Exercise and Prebiotics Produce Stress Resistance

The gut microbial ecosystem can mediate the negative health impacts of stress on the host. Stressor-induced disruptions in microbial ecology (dysbiosis) can lead to maladaptive health effects, while certain probiotic organisms and their metabolites can protect against these negative impacts. Prebiotic diets and exercise are feasible and cost-effective strategies that can increase stress-protective bacteria and produce resistance against the detrimental behavioral and neurobiological impacts of stress. The goal of this review is to describe research demonstrating that both prebiotic diets and exercise produce adaptations in gut ecology and the brain that arm the organism against inescapable stress-induced learned helplessness.

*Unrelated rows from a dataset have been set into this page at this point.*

(* Let $\nu:\mathcal{P}(\mathbf{N})\to\mathbf{R}$ be an abstract upper density and let $\mathcal{Z}_\nu=\{A\subseteq\mathbf{N}:\nu(A)=0\}$. Then there exists a normalized capacity $\rho:\mathscr{B}(\mathrm{Ult}(\mathcal{Z}_\nu))\to\mathbf{R}$ such that for every $A\subseteq\mathbf{N}$, $$\nu(A)=\int_{\mathrm{Ult}(\mathcal{Z}_\nu)}\mu_{\mathcal{F}}(A)\,\mathrm{d}\rho(\mathcal{F}).$$
   Context: An abstract upper density is a set function $\nu:\mathcal{P}(\mathbf{N})\to\mathbf{R}$ that is a normalized capacity (monotone, $\nu(\emptyset)=0$, $\nu(\mathbf{N})=1$), diffuse ($\nu(A)=0$ for every finite $A$), and subadditive ($\nu(A\cup B)\le\nu(A)+\nu(B)$). For an ideal $\mathcal{I}$ on $\mathbf{N}$ (closed under subsets and finite unions, not containing $\mathbf{N}$, containing all finite sets) with dual filter $\mathcal{I}^\star=\{A:\mathbf{N}\setminus A\in\mathcal{I}\}$: $\mathrm{Ult}(\mathcal{I})$ is the set of ultrafilters $\mathcal{F}$ on $\mathbf{N}$ with $\mathcal{I}^\star\subseteq\mathcal{F}$, with the topology induced from the Stone–Čech space $\beta\mathbf{N}$ (basic clopen sets $\{\mathcal{F}:A\in\mathcal{F}\}$), $\mathscr{B}$ is the Borel $\sigma$-algebra, and $\mu_{\mathcal{F}}(A)=1$ if $A\in\mathcal{F}$ and $0$ otherwise. A normalized capacity on a $\sigma$-algebra is a monotone set function with value $0$ at $\emptyset$ and $1$ at the whole space. The Choquet integral of a bounded function $f$ with respect to a normalized capacity $\rho$ on $S$ is $\int_0^\infty\rho(f\ge t)\,\mathrm{d}t+\int_{-\infty}^0[\rho(f\ge t)-1]\,\mathrm{d}t$. *)

From HB Require Import structures.
From mathcomp Require Import all_boot all_order all_algebra.
From mathcomp Require Import all_classical all_reals all_analysis.
Set Implicit Arguments. Unset Strict Implicit. Unset Printing Implicit Defensive.
Import Order.TTheory GRing.Theory Num.Theory.
Local Open Scope classical_set_scope.
Local Open Scope ring_scope.

Definition abstract_upper_density {R : realType} (nu : set nat -> R) : Prop :=
  [/\ (forall A B : set nat, A `<=` B -> nu A <= nu B),
      nu set0 = 0, nu setT = 1,
      (forall A : set nat, finite_set A -> nu A = 0) &
      (forall A B : set nat, nu (A `|` B) <= nu A + nu B)].

Definition zero_ideal {R : realType} (nu : set nat -> R) : set (set nat) :=
  [set A | nu A = 0].

Definition dual_filter (I : set (set nat)) : set (set nat) :=
  [set A | I (~` A)].

Definition is_ultrafilter (F : set (set nat)) : Prop :=
  [/\ F setT, ~ F set0,
      (forall A B, A `<=` B -> F A -> F B),
      (forall A B, F A -> F B -> F (A `&` B)) &
      (forall A, F A \/ F (~` A))].

Definition Ult (I : set (set nat)) : set (set (set nat)) :=
  [set F | is_ultrafilter F /\ dual_filter I `<=` F].

Definition ult_basic (I : set (set nat)) (A : set nat) : set (set (set nat)) :=
  [set F | Ult I F /\ F A].

(** Open sets of Ult(I) for the topology induced from beta N. *)
Definition ult_open (I : set (set nat)) (U : set (set (set nat))) : Prop :=
  U `<=` Ult I /\
  forall F, U F -> exists A : set nat, F A /\ ult_basic I A `<=` U.

Definition ult_borel (I : set (set nat)) : set (set (set (set nat))) :=
  <<s Ult I, ult_open I >>.

Definition normalized_capacity {R : realType} {T : Type} (S : set T)
  (Sigma : set (set T)) (rho : set T -> R) : Prop :=
  [/\ rho set0 = 0, rho S = 1 &
      (forall A B, Sigma A -> Sigma B -> A `<=` B -> rho A <= rho B)].

Definition mu_uf {R : realType} (F : set (set nat)) (A : set nat) : R :=
  if `[< F A >] then 1 else 0.

Definition choquet {R : realType} {T : Type} (S : set T) (rho : set T -> R)
  (f : T -> R) : R :=
  (fine (\int[@lebesgue_measure R]_(t in `[0, +oo[%classic)
            (rho [set x | S x /\ t <= f x])%:E)
   + fine (\int[@lebesgue_measure R]_(t in `]-oo, 0[%classic)
            (rho [set x | S x /\ t <= f x] - 1)%:E))%R.

From HB Require Import structures.
From mathcomp Require Import all_boot all_order all_algebra.
From mathcomp Require Import all_classical all_reals all_analysis.
From mathcomp Require Import measurable_realfun.
Import Order.TTheory GRing.Theory Num.Theory.
Local Open Scope classical_set_scope.
Local Open Scope ring_scope.

(* Take for rho the outer capacity rho(U) = inf { nu B : U is covered by the
   basic clopen set of B }.  A set A of positive density modulo nu-null sets
   lies in some ultrafilter of Ult(Z_nu), so the basic clopen sets are ordered
   like the densities of their defining sets, and rho agrees with nu on them.
   The Choquet integral of the {0,1}-valued map F |-> mu_F(A) is the capacity
   of its level set {F : A in F}, the basic clopen set of A. *)

Section choquet_indicator.
Variables (R : realType) (T : Type) (S P : set T) (rho : set T -> R).
Hypotheses (rho0 : rho set0 = 0) (rhoS : rho S = 1).
Hypothesis rhoSP_ge0 : 0 <= rho (S `&` P).

Let f (x : T) : R := if `[< P x >] then 1 else 0.
Let level (t : R) := [set x | S x /\ t <= f x].

Let f01 x : (P x /\ f x = 1) \/ (~ P x /\ f x = 0).
Proof. by rewrite /f; case: asboolP; [left|right]. Qed.

Let level_lt0 t : t < 0 -> level t = S.
Proof.
move=> t_lt0; apply/seteqP; split=> x; first by case.
by move=> Sx; split=> //; case: (f01 x) => -[_ ->]; apply: ltW;
  [apply: lt_trans t_lt0 _|].
Qed.

Let level_itv01 t : 0 < t -> t <= 1 -> level t = S `&` P.
Proof.
move=> t_gt0 t_le1; apply/seteqP; split=> x [Sx].
  by case: (f01 x) => -[Px ->]; rewrite ?leNgt ?t_gt0.
by move=> Px; split=> //; case: (f01 x) => -[// _ ->].
Qed.

Let level_gt1 t : 1 < t -> level t = set0.
Proof.
move=> t_gt1; apply/seteqP; split=> x // [_].
case: (f01 x) => -[_ ->]; rewrite leNgt ?t_gt1 //.
by rewrite (lt_trans ltr01 t_gt1).
Qed.

Lemma choquet_indicator : choquet S rho f = rho (S `&` P).
Proof.
rewrite /choquet -/level.
rewrite [X in _ + fine X](_ : _ = 0%E); last first.
  apply: integral0_eq => t; rewrite /= in_itv /= => /level_lt0.
  by rewrite /level => ->; rewrite rhoS subrr.
rewrite addr0.
have level_step : {in `]0, +oo[%classic, (fun t => (rho (level t))%:E) =1
    (fun t => (rho (S `&` P) * \1_(`]0, 1]%classic : set R) t)%:E)}.
  move=> t; rewrite inE /= in_itv /= andbT => t_gt0; rewrite indicE.
  have [t_le1|t_gt1] := leP t 1.
    by rewrite level_itv01 // mem_set ?mulr1 //= in_itv /= t_gt0.
  by rewrite level_gt1 // rho0 memNset ?mulr0 //= in_itv /= t_gt0 leNgt t_gt1.
have mlevel : measurable_fun (`]0, +oo[%classic : set R)
    (fun t => (rho (level t))%:E).
  apply: (measurable_fun_eqP _ level_step).2; apply/measurable_EFinP.
  by apply: measurable_funM => //; apply: measurable_indic.
rewrite -(@integral_setD1 _ _ 0) ?setDitv1l //.
under eq_integral => t t_gt0 do rewrite -/(level t) (level_step t t_gt0).
rewrite (integralZl_indic (m := lebesgue_measure) _
  (fun=> (`]0, 1]%classic : set R))) //; last first.
  by move=> /lt_le_trans /(_ rhoSP_ge0); rewrite ltxx.
have integral_indic01 : (\int[lebesgue_measure]_(t in `]0%R, +oo[%classic)
    (\1_(`]0%R, 1%R]%classic : set R) t)%:E =
    lebesgue_measure (`]0%R, 1%R]%classic `&` `]0%R, +oo[%classic : set R))%E.
  exact: integral_indic.
rewrite integral_indic01 (@setIidl _ `]0%R, 1%R]%classic); last first.
  by move=> x /=; rewrite !in_itv /= => /andP[->].
by rewrite lebesgue_measure_itv /= lte01 oppr0 adde0 mule1.
Qed.

End choquet_indicator.

Lemma ultraFilter_is_ultrafilter (F : set (set nat)) :
  UltraFilter F -> is_ultrafilter F.
Proof.
move=> Fultra; have Fproper : ProperFilter F by exact: ultra_proper.
split.
- exact: filterT.
- exact: filter_not_empty.
- by move=> A B AB; apply: filterS.
- by move=> A B; apply: filterI.
- by move=> A; apply: in_ultra_setVsetC.
Qed.

Section upper_density.
Variables (R : realType) (nu : set nat -> R).
Hypothesis nu_density : abstract_upper_density nu.

Let Z := zero_ideal nu.

Lemma density0 : nu set0 = 0.
Proof. by case: nu_density. Qed.

Lemma densityT : nu setT = 1.
Proof. by case: nu_density. Qed.

Lemma le_density {A B} : A `<=` B -> nu A <= nu B.
Proof. by case: nu_density => mon _ _ _ _; apply: mon. Qed.

Lemma density_ge0 A : 0 <= nu A.
Proof. by rewrite -density0; apply: le_density. Qed.

Lemma density_setU A B : nu (A `|` B) <= nu A + nu B.
Proof. by case: nu_density => _ _ _ _; apply. Qed.

Lemma null_setU A B : nu A = 0 -> nu B = 0 -> nu (A `|` B) = 0.
Proof.
move=> A0 B0; apply/eqP; rewrite eq_le density_ge0 andbT.
by rewrite -[0]addr0 -{1}A0 -B0 density_setU.
Qed.

(* The filter generated by C and the dual filter of Z. *)
Definition trace_filter (C : set nat) : set (set nat) :=
  [set B | exists2 D, nu D = 0 & C `&` ~` D `<=` B].

Lemma trace_filter_proper C : nu C != 0 -> ProperFilter (trace_filter C).
Proof.
move=> C_neq0; apply: Build_ProperFilter_ex.
  move=> B [D D0 sB]; apply: contrapT => B_empty.
  suff CD : nu C <= nu D by move: C_neq0; rewrite eq_le density_ge0 andbT -D0 CD.
  apply: le_density => n Cn; apply: contrapT => Dn; apply: B_empty.
  by exists n; apply: sB.
split.
- by exists set0; [exact: density0|].
- move=> B1 B2 [D1 D10 s1] [D2 D20 s2]; exists (D1 `|` D2).
    exact: null_setU.
  by move=> n [Cn /not_orP[nD1 nD2]]; split; [apply: s1|apply: s2].
- by move=> B1 B2 B12 [D D0 sB1]; exists D => //; apply: subset_trans B12.
Qed.

Lemma density_neq0_ult {C} : nu C != 0 -> exists F, Ult Z F /\ F C.
Proof.
move=> /trace_filter_proper /ultraFilterLemma [F [Fultra sub_F]].
exists F; split; last by apply: sub_F; exists set0; [exact: density0|move=> n []].
split; first exact: ultraFilter_is_ultrafilter.
by move=> B ZCB; apply: sub_F; exists (~` B) => // n [_]; rewrite setCK.
Qed.

(* If [A] minus [B] had positive density, an ultrafilter through it would be
   in the basic set of [A] but not of [B]. *)
Lemma ult_basic_density_le A B :
  ult_basic Z A `<=` ult_basic Z B -> nu A <= nu B.
Proof.
move=> sAB; have [/eqP AB0|AB_neq0] := boolP (nu (A `&` ~` B) == 0).
  have A_sub : A `<=` (A `&` ~` B) `|` B.
    by move=> n An; have [|] := pselect (B n); [right|left].
  apply: le_trans (le_density A_sub) _.
  by apply: le_trans (density_setU _ _) _; rewrite AB0 add0r.
have [F [UF FAB]] := density_neq0_ult AB_neq0.
have [[_ F0 FS FI _] _] := UF.
have [_ FB] := sAB F (conj UF (FS _ _ (@subIsetl _ _ _) FAB)).
by exfalso; apply: F0; apply: FS (FI _ _ FAB FB) => n [[_ ?] ?].
Qed.

Lemma ult_basicT : ult_basic Z setT = Ult Z.
Proof.
by apply/seteqP; split=> [F []//|F UF]; split=> //; case: UF => -[].
Qed.

Definition outer_capacity (U : set (set (set nat))) : R :=
  inf [set nu B | B in [set B | U `&` Ult Z `<=` ult_basic Z B]].

Lemma outer_capacity_le U B : U `&` Ult Z `<=` ult_basic Z B ->
  outer_capacity U <= nu B.
Proof.
move=> UB; apply: ge_inf; last by exists B.
by exists 0 => _ [C _ <-]; apply: density_ge0.
Qed.

Lemma outer_capacity_ge U c :
  (forall B, U `&` Ult Z `<=` ult_basic Z B -> c <= nu B) ->
  c <= outer_capacity U.
Proof.
move=> c_lb; apply: lb_le_inf; last by move=> _ [B UB <-]; apply: c_lb.
by exists (nu setT), setT => // F [_ [[]]].
Qed.

Lemma outer_capacity_basic A : outer_capacity (ult_basic Z A) = nu A.
Proof.
apply/eqP; rewrite eq_le outer_capacity_le ?andTb => [|F []//].
apply: outer_capacity_ge => B AB; apply: ult_basic_density_le => F [UF FA].
by apply: AB; split.
Qed.

Lemma le_outer_capacity U V : U `<=` V -> outer_capacity U <= outer_capacity V.
Proof.
move=> UV; apply: outer_capacity_ge => B VB; apply: outer_capacity_le.
by apply: subset_trans VB; apply: setSI.
Qed.

Lemma outer_capacity0 : outer_capacity set0 = 0.
Proof.
apply/eqP; rewrite eq_le -{1}density0 outer_capacity_le ?andTb => [|F []//].
by apply: outer_capacity_ge => B _; apply: density_ge0.
Qed.

Lemma outer_capacityT : outer_capacity (Ult Z) = 1.
Proof. by rewrite -ult_basicT outer_capacity_basic densityT. Qed.

End upper_density.

Theorem corollary1p2 (R : realType) (nu : set nat -> R) :
  abstract_upper_density nu ->
  exists rho : set (set (set nat)) -> R,
    normalized_capacity (Ult (zero_ideal nu)) (ult_borel (zero_ideal nu)) rho /\
    forall A : set nat,
      nu A = choquet (Ult (zero_ideal nu)) rho (fun F => mu_uf F A).
Proof.
move=> nu_density; exists (@outer_capacity R nu); split.
  split; [exact: outer_capacity0|exact: outer_capacityT|].
  by move=> U V _ _; apply: le_outer_capacity.
move=> A; rewrite /mu_uf choquet_indicator.
- by rewrite outer_capacity_basic.
- exact: outer_capacity0.
- exact: outer_capacityT.
- by rewrite outer_capacity_basic // density_ge0.
Qed.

The results of this research support the novel hypothesis that some of the stress-protective effects of prebiotics and exercise are due to increases in stress-protective gut microbial species and their metabolites. In addition, new evidence also suggests that prebiotic diet or exercise interventions are most effective if given early in life (juvenile-adolescence) when both the gut microbial ecosystem and the brain are plastic. Based on our new understanding of the mechanistic convergence of these interventions, it is feasible to propose that in adults, both interventions delivered in combination may elevate their efficacy to promote a stress-resistant phenotype.

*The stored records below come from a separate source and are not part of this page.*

Lemma subterm_at_3_encryption E : is_encryption E -> subterm_at E [3] = third_arg E.
Proof. destruct E; simpl; easy. Qed.

Lemma is_encryption_dec t : is_encryption t \/ ~ is_encryption t.
Proof. destruct t; simpl; tauto. Qed.

Lemma not_occurs_name_arg n t a : ~ occurs_name n t -> In a (args t) -> ~ occurs_name n a.
Proof. intros H Ha Ho. apply H. eapply subterm_trans; eauto using subterm_arg. Qed.

Lemma lookup_ran sg x T : lookup sg x = Some T -> In T (ran sg).
Proof.
  induction sg as [|[y U] sg IH]; simpl; [discriminate|].
  destruct (x =? y); [intros H; injection H; auto | auto].
Qed.

Lemma lookup_dom sg x : In x (dom sg) -> exists T, lookup sg x = Some T.
Proof.
  induction sg as [|[y U] sg IH]; simpl; [tauto|].
  intros [H|H]; destruct (Nat.eqb_spec x y); eauto; subst; congruence.
Qed.

Lemma args_app_sub sg W :
  (forall x, W <> Var x) -> args (app_sub sg W) = map (app_sub sg) (args W).
Proof. intros H; destruct W; simpl; auto. now destruct (H n). Qed.

Lemma frame_subterm_arg sg A a : frame_subterm sg A -> In a (args A) -> frame_subterm sg a.
Proof.
  intros [T [HT HA]] Ha. exists T; split; auto.
  eapply subterm_trans; eauto using subterm_arg.
Qed.

Lemma third_arg_rname s M A :
  is_encryption A -> third_arg (rname s M A) = option_map (rname s M) (third_arg A).
Proof. destruct A; easy. Qed.

Lemma rname_preserves_encryption s M A : is_encryption A -> is_encryption (rname s M A).
Proof. destruct A; easy. Qed.
Lemma Re_mxtrace_sqr_spectral (R : realType) (V : 'M[R[i]]_2) (l0 l1 : R) :
  adj V *m V = 1%:M ->
  let rho := V *m diag_mx (eigval_row l0 l1) *m adj V in
  complex.Re (\tr (rho *m rho)) = l0 ^+ 2 + l1 ^+ 2.
Proof.
move=> hV rho; rewrite /rho mulmx_conj_unitary // mxtrace_conj_unitary //.
by rewrite mxtrace2 !mulmx2E !mxE /=; ring.
Qed.

Lemma Im_mulmx_hermitian00 (R : realType) (K1 K2 : 'M[R[i]]_2) :
  adj K1 = K1 -> adj K2 = K2 ->
  complex.Im ((K1 *m K2) 0 0) = complex.Im (K1 0 1 * K2 1 0).
Proof.
move=> hK1 hK2.
have real00 (K : 'M[R[i]]_2) : adj K = K -> complex.Im (K 0 0) = 0.
  move=> /matrixP/(_ 0 0); rewrite adjE; case: (K 0 0) => a b [] /=; lra.
rewrite mulmx2E.
move: (real00 _ hK1) (real00 _ hK2); case: (K1 0 0) => a b; case: (K2 0 0) => c d /= -> ->.
by case: (K1 0 1 * K2 1 0) => p q /=; ring.
Qed.

Section SpectralFamily.
Variables (R : realType) (U : 'rV[R]_2 -> 'M[R[i]]_2) (V : 'M[R[i]]_2) (l0 l1 : R).
Variable x : 'rV[R]_2.
Hypotheses (hU : forall y, adj (U y) *m U y = 1%:M) (sU : smooth_mx U).
Hypotheses (hV : adj V *m V = 1%:M) (hs : l0 + l1 = 1).

Local Notation D := (diag_mx (eigval_row l0 l1)).
Local Notation W := (U x *m V).
Local Notation K k := (adj V *m effH U k x *m V).
Local Notation rho_phi := (fun y => U y *m (V *m D *m adj V) *m adj (U y)).

Let hW : adj W *m W = 1%:M. Proof. exact: unitary_mulmx. Qed.

Let rho_phiE : rho_phi x = W *m D *m adj W.
Proof. by rewrite adjM !mulmxA. Qed.

Let K_adj k : adj (K k) = K k.
Proof. exact/adj_conj_hermitian/effH_adj. Qed.

Lemma pd_spectral_family k : pd k rho_phi x = W *m ('i%C *: (K k *m D - D *m K k)) *m adj W.
Proof.
rewrite pd_unitary_conj // commutator_conj_unitary // scalemxAl scalemxAr.
by rewrite adjM !mulmxA.
Qed.

Lemma is_SLD_spectral_family k : is_SLD rho_phi k x (W *m qubit_sld l0 l1 (K k) *m adj W).
Proof.
split; first by rewrite adjM adjK adjM qubit_sld_adj // mulmxA.
rewrite pd_spectral_family rho_phiE; apply/sld_eqn_conj_unitary => //.
by rewrite conj_unitaryKV //; exact: sld_eqn_qubit_sld.
Qed.

Lemma uhlmann_spectral_family i j Li Lj :
  is_SLD rho_phi i x Li -> is_SLD rho_phi j x Lj ->
  uhlmann (rho_phi x) Li Lj = 4 * (l0 - l1) ^+ 3 * complex.Im (K i 0 1 * K j 1 0).
Proof.
have eigbasis k L : is_SLD rho_phi k x L ->
    sld_eqn ('i%C *: (K k *m D - D *m K k)) D (adj W *m L *m W).
  by move=> [_ hL]; apply/(sld_eqn_conj_unitary hW); rewrite -pd_spectral_family -rho_phiE.
move=> /eigbasis hLi /eigbasis hLj.
rewrite /uhlmann rho_phiE -[Li](conj_unitaryK hW) -[Lj](conj_unitaryK hW).
rewrite !mulmx_conj_unitary // mxtrace_conj_unitary //.
exact: uhlmann_qubit_eigbasis hs (K_adj i) (K_adj j) hLi hLj.
Qed.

Feeding the developing brain: Juvenile rats fed diet rich in prebiotics and bioactive milk fractions exhibit reduced anxiety-related behavior and modified gene expression in emotion circuits

Early life nutrition is critical for brain development. Dietary prebiotics and bioactive milk fractions support brain development by increasing plasticity and altering activity in brain regions important for cognition and emotion regulation, perhaps through the gut-microbiome-brain axis. Here we examined the impact of a diet containing prebiotics, lactoferrin, and milk fat globule membrane (test diet) on beneficial gut bacteria, basal gene expression for activity and plasticity markers within brain circuits important for cognition and anxiety, and anxiety-related behavior in the open field. Juvenile male F344 rats were fed the test diet or a calorically matched control diet beginning postnatal day 24. After 4 weeks on diets, rats were sacrificed and brains were removed. Test diet significantly increased mRNA expression for cfos, brain derived neurotropic factor, and the GluN1 subunit of the NMDA receptor in the prefrontal cortex and reduced cfos mRNA within the amygdala. Diet-induced increases in fecal Lactobacillus spp., measured using selective bacterial culture, positively correlated with altered gene expression for cfos and serotonin receptors within multiple brain regions. In a separate cohort of juvenile rats, 4 weeks of the test diet increased time spent in the center of the open field, a behavior indicative of reduced anxiety. These data demonstrate that early life diets containing prebiotics and bioactive milk fractions can adaptively alter genes in neural circuits underlying emotion regulation and impact anxiety-related behavior.